AEP / Coal / Duke Energy / FirstEnergy / Ohio Utility Bailouts

Money pit or fuel hedge? In Midwest, it depends who’s paying

Ohio Valley Electric Corp.’s 1,304-megawatt Clifty Creek coal plant in Madison, Ind. Crowezr/Wikipedia

WASHINGTON, DC — “How can two companies tell a federal judge that the 60-year-old coal plants are a financial albatross and simultaneously argue to utility regulators that the plants are a good investment for consumers? And rely on the work of the same consultant? The answer depends on who’s paying the bill.
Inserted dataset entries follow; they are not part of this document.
Lemma ent_piQ Q t : is_qarray m Q -> t < m ->
  ent (piQ sigma Q) t = qentry Q 0 t + row t.
Proof.
move=> [_ _ _ _ diag] lt_tm.
rewrite [piQ _ _](_ : _ = ribbon sigma (fun r t => qentry Q r (t - r))) //.
by rewrite ent_ribbon // diag ?subnKC //; have := row_le t; lia.
Qed.

Lemma is_qrtP T : is_qrt sigma T <->
  [/\ shape T = sigma, forall t, t < m -> row t < ent T t &
      forall t, t.+1 < m -> ent T t - row t <= ent T t.+1 - row t.+1].
Proof.
split=> [[shT ent_pos rowwise colwise] | [shT row_lt mono]].
  have step t : t.+1 < m -> (row t.+1 = row t /\ ent T t <= ent T t.+1) \/
                            (row t.+1 = (row t).+1 /\ ent T t < ent T t.+1).
    move=> lt_t1m; have := row_le t.
    case: (row_step lt_t1m) => row_t1 le_rt; [left | right]; split=> //.
      by apply: rowwise; rewrite ?row_t1 //; lia.
    by apply: colwise; rewrite /colof ?row_t1; lia.
  suff lt_row t : t < m -> row t < ent T t.
    by split=> // t lt_t1m; have := step t lt_t1m; have := lt_row t (ltnW lt_t1m); lia.
  elim: t => [lt_0m | t IH lt_t1m]; first by have := row_le 0; have := ent_pos 0 lt_0m; lia.
  by have := IH (ltnW lt_t1m); have := step t lt_t1m; lia.
have mono_le t t' : t <= t' < m -> ent T t - row t <= ent T t' - row t'.
  exact: leq_mono_on (fun s => ent T s - row s) mono t t'.
split=> //.
- by move=> t lt_tm; have := row_lt t lt_tm; lia.
- move=> t t' /andP[lt_tt' lt_t'm] eq_row; have := mono_le t t'.
  have := row_lt t; have := row_lt t'; rewrite eq_row; lia.
- move=> t t' /andP[lt_tt' lt_t'm]; rewrite /colof => eq_col.
  have := mono_le t t'; have := row_lt t; have := row_lt t'.
  have := row_le t; have := row_le t'; lia.
Qed.
Lemma split_team_sum (T : Type) (A : finType) (X : T -> K) (Y : T -> A -> boolsr) :
  (forall s, chiK (X s) = \sum_(a : A) Y s a) ->
  exists F : T -> A -> K,
    (forall s, X s = \sum_(a : A) F s a) /\ (forall s a, chiK (F s a) = Y s a).
Proof.
move=> HY.
have [F HF] : exists F : T -> A -> K, forall s,
    X s = \sum_(a : A) F s a /\ forall a, chiK (F s a) = Y s a.
  apply: (ClassicalEpsilon.choice (fun s (G : A -> K) =>
    X s = \sum_(a : A) G a /\ forall a, chiK (G a) = Y s a)) => s.
  have [G [HG HGY]] : exists G : A -> K, \sum_(a <- index_enum A) G a = X s /\
      forall a, a \in index_enum A -> (G a != 0) = Y s a.
    by apply: split_seq; rewrite ?index_enum_uniq // -sum_bsr -HY.
  by exists G; split=> [|a]; rewrite ?HG // /chiK HGY ?mem_index_enum.
by exists F; split=> [s|s a]; case: (HF s).
Qed.

End Splitting.

Section TeamTransfer.
Variables (K : comNzSemiRingType) (HK : positive_sr K).
Variables (sym : Type) (ar : sym -> nat) (At : Type) (avars : At -> seq nat)
  (adef : At -> forall V : seq nat, kform ar (size V))
  (A : finType) (rel : forall r : sym, (ar r).-tuple A -> bool).

Lemma tsat_collapse (C : At -> Prop)
  (HC : forall a, C a -> definable avars adef (@frag1 sym ar) a)
  (f : tform ar At) : atoms_in C f -> forall V, sorted ltn V -> wf avars V f ->
  forall X : assign A V -> K, tsat adef rel f X -> tsat adef rel f (collapse X).
Proof.
elim: f => [r xs p | x y p | a | g IHg h IHh | g IHg h IHh | x g IH | x g IH]
  /= Cf V sV Wf X.
- by move=> H s; rewrite /collapse chiK_neq0; apply: H.
- by move=> H s; rewrite /collapse chiK_neq0; apply: H.
- have /implyP Himp := keval_frag1 HK rel X (HC a Cf V sV Wf) (fun _ => None).
  by move=> /Himp; rewrite /sent_val /collapse => ->.
- case: Cf Wf => [Cg Ch] [Wg Wh] [Hg Hh].
  by split; [apply: IHg | apply: IHh].
- case: Cf Wf => [Cg Ch] [Wg Wh] [Y [Z [HYZ [Hg Hh]]]].
  exists (collapse Y), (collapse Z).
  split; first by move=> s; rewrite /collapse -(chiKD HK) HYZ.
  by split; [apply: IHg | apply: IHh].
- case: Wf => xV Wg [Y [HY Hg]].
  exists (collapse Y); split; first by move=> s b; rewrite /collapse HY.
  by apply: IH => //; apply: ins_sorted.
- case: Wf => xV Wg [Y [HY Hg]].
  exists (collapse Y); split; first by move=> s; rewrite /collapse HY (chiK_sum HK).
  by apply: IH => //; apply: ins_sorted.
Qed.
Unlike industries vulnerable to disruptors such as Amazon.com Inc. and Uber Technologies Inc., electric utilities — even those in deregulated markets like Ohio — continue to press lawmakers and regulators to shield them from competition. And they’re doing so by playing on fears that letting plants shut down will lead to a shortage that will result in a price shock — or, worse yet, the lights going out.

…So far, two Ohio utilities, American Electric Power Co.’s Ohio utility and Dayton Power and Light Co., have gotten approval from Ohio regulators to subsidize the plants in the name of stabilizing consumer rates until at least 2024.

Those decisions are being appealed. The Office of the Ohio Consumers’ Counsel is challenging the AEP order at the Ohio Supreme Court, and environmental groups have asked PUCO to reopen the Dayton Power and Light case. The Duke request is still pending.

Other disputes involving the same troubled plants are playing out before the Ohio Legislature and state Supreme Court, the Federal Energy Regulatory Commission, and the U.S. bankruptcy court.”